Taraflar arasındaki uyuşmazlığın; Davalı kurumun tesis ettiği … sayılı YİDK kararının 30, 35/5(5/2, 29, 30, 32.sınıf emtiaların mağazacılığı), 43/1. sınıf ve alt sınıflarda yer alan mal ve hizmetler bakımından hukuka uygun olup olmadığı, davalı şirkete ait … nolu “Şekil+…” ibareli marka başvurusu ile davacıya ait “…” ibareli markalar arasında ilişkilendirilme ihtimali dahil karıştırılma tehlikesi bulunup bulunmadığı, davacı markalarının tanınmış olup olmadığı, davalının marka başvurusunda kötü niyetli olup olmadığı, tescili halinde davalı markasının 30, 35/5(5/2, 29, 30, 32.sınıf emtiaların mağazacılığı), 43/1. sınıf ve alt sınıflarda yer alan mal ve hizmetler bakımından hükümsüzlüğünün gerekip gerekmediği hususlarına ilişkin olduğu tespit edilmiştir.

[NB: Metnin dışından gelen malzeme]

(* Let $v\in\Sigma^*$, let $u$ be a $v$-minimal word and $i\in\mathrm{supp}(u)$. The relation $\sigma_i$ on $\mathcal{I}_i$ is right-compatible: if $g\,\sigma_i\,f$, then $g\theta_i(a)\,\sigma_i\,f\theta_i(a)$ for every $a\in\Sigma^*$.
   Context: Let $\mathcal{A}=\langle Q,\Sigma,\delta\rangle$ be a synchronizing automaton with $n$ states $q_1,\dots,q_n$; write $q\cdot u$ for the action of $u\in\Sigma^*$ (extended to subsets) and $\mathrm{rk}(u)=|Q\cdot u|$. Each word acts linearly on $\mathbb{C}Q$ by $q\mapsto q\cdot u$, preserving $w^\perp=\{x:\langle x,q_1+\dots+q_n\rangle=0\}$; let $\rho:\Sigma^*\to\mathbb{M}_{n-1}(\mathbb{C})$ be the induced representation and $\mathcal{R}$ the $\mathbb{C}$-algebra generated by $\rho(\Sigma^* )$. Write $\mathcal{R}/\mathrm{Rad}(\mathcal{R})\cong\prod_{i=1}^k\mathbb{M}_{n_i}(\mathbb{C})$ (Jacobson radical, Wedderburn–Artin) and let $\theta_i:\Sigma^*\to\mathbb{M}_{n_i}(\mathbb{C})$ be $\rho$ followed by the quotient map and the $i$-th projection; $0_i$ is the zero matrix. The monoid $\theta_i(\Sigma^* )$ has a unique $0$-minimal ideal $\mathcal{I}_i$. The support of a word $z$ is $\mathrm{supp}(z)=\{i:\theta_i(z)\neq0_i\}$. For $v\in\Sigma^*$, a word $u\in\Sigma^*v\Sigma^*$ is $v$-minimal if $\mathrm{supp}(u)\neq\emptyset$ and there is no $z\in\Sigma^*v\Sigma^*$ with $\emptyset\neq\mathrm{supp}(z)\subsetneq\mathrm{supp}(u)$. For such $u$, $i\in\mathrm{supp}(u)$ and $g\in\mathcal{I}_i$, a word $w$ $u$-represents $g$ if $w\in\Sigma^*u\Sigma^*$, $\theta_i(w)=g$, and either $g=0_i$ or $\mathrm{rk}(w)$ is minimum among all words $w'\in\Sigma^*u\Sigma^*$ with $\theta_i(w')=g$. Define the relation $\sigma_i$ on $\mathcal{I}_i$ by $g\,\sigma_i\,f$ iff either $g=f$, or there exist words $w_1,w_2$ that $u$-represent $g$ and $f$ respectively with $|Q\cdot w_1\cap Q\cdot w_2|>1$. *)

From HB Require Import structures.
From mathcomp Require Import all_boot all_order all_algebra.
Set Implicit Arguments. Unset Strict Implicit. Unset Printing Implicit Defensive.
Import GRing.Theory.
Local Open Scope ring_scope.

Davanın açılmasını müteakip tarafların dilekçeleri karşılıklı tebliğ olunmuş, sundukları deliller alınmış, marka tescil ve başvuru dosyaları ile alâkalı kayıtları getirtilmiş, dava şartları incelenmiş, ön inceleme duruşması yapılmış, hak düşürücü süre bakımından eksiklik bulunmadığı tespit edilmiş, taraflar sulhe teşvik olunmuş, arabulucuya gitme hakları hatırlatılmış, sonuç alınamaması üzerine uyuşmazlık konuları tespit edilmiş, tahkikat icra olunmasını müteakip, bilirkişi heyetinden maddi vakıalara ilişkin rapor alınmış, 06/08/2015 tarih 29437 sayılı Resmi Gazete’de yayımlanarak yürürlüğe giren Bölge Adliye ve Adli Yargı İlk Derece Mahkemeleri ile Cumhuriyet Başsavcılıkları İdari ve Yazı İşleri Hizmetlerinin Yürütülmesine Dair Yönetmelik’in 201/2. maddesi hükmü de gözetilerek taraflara tahkikat ve yargılamanın geneliyle ilgili son sözleri de sorulmuş; sözlü iddia ve savunmada bulunma olanağı tanınmıştır.
DELİLLERİN DEĞERLENDİRİLMESİ VE GEREKÇE:
İşlem dosyasının tetkikinde; Davalı şirketin 10.02.2020 tarihinde “Şekil+…” ibareli 30, 35 ve 43.sınıfta yer alan bir kısım mal ve hizmetlerin tescili amacıyla marka tescil başvurusunda bulunduğu, … sayılı marka başvurusunun yapılan ilk incelemeler sonrasında 13.04.2020 tarih ve 346 sayılı Bülten’de ilan edildiği, söz konusu ilana karşı davacı yanın 04.06.2020 tarihinde 2016 38509, 2016 38515, 2018 104315, 2018 21386, 2018 59305, 2018 72700, 2019/54025, T/01977 sayılı markaları mesnet göstererek SMK m.6/1, m.6/4 ve m.6/5 hükümleri bağlamında itirazda bulunduğu, yayıma yapılan itirazın Markalar Dairesi Başkanlığı’nca reddedildiği, bu karara karşı davacı şirket tarafından 14.12.2020 tarihinde yeniden itirazda bulunulduğu, yeniden yapılan itirazı değerlendiren Türk Patent ve Marka Kurumu Yeniden İnceleme ve Değerlendirme Kurulu’nun … sayılı YİDK kararı ile itirazın reddine karar verdiği, bu kararın davacı marka vekiline 25.01.2021 tarihinde tebliğ edildiği, iki aylık hak düşürücü süre içinde eldeki davanın açıldığı anlaşılmıştır. Dava konusu marka başvurusu tescil edilmemiştir.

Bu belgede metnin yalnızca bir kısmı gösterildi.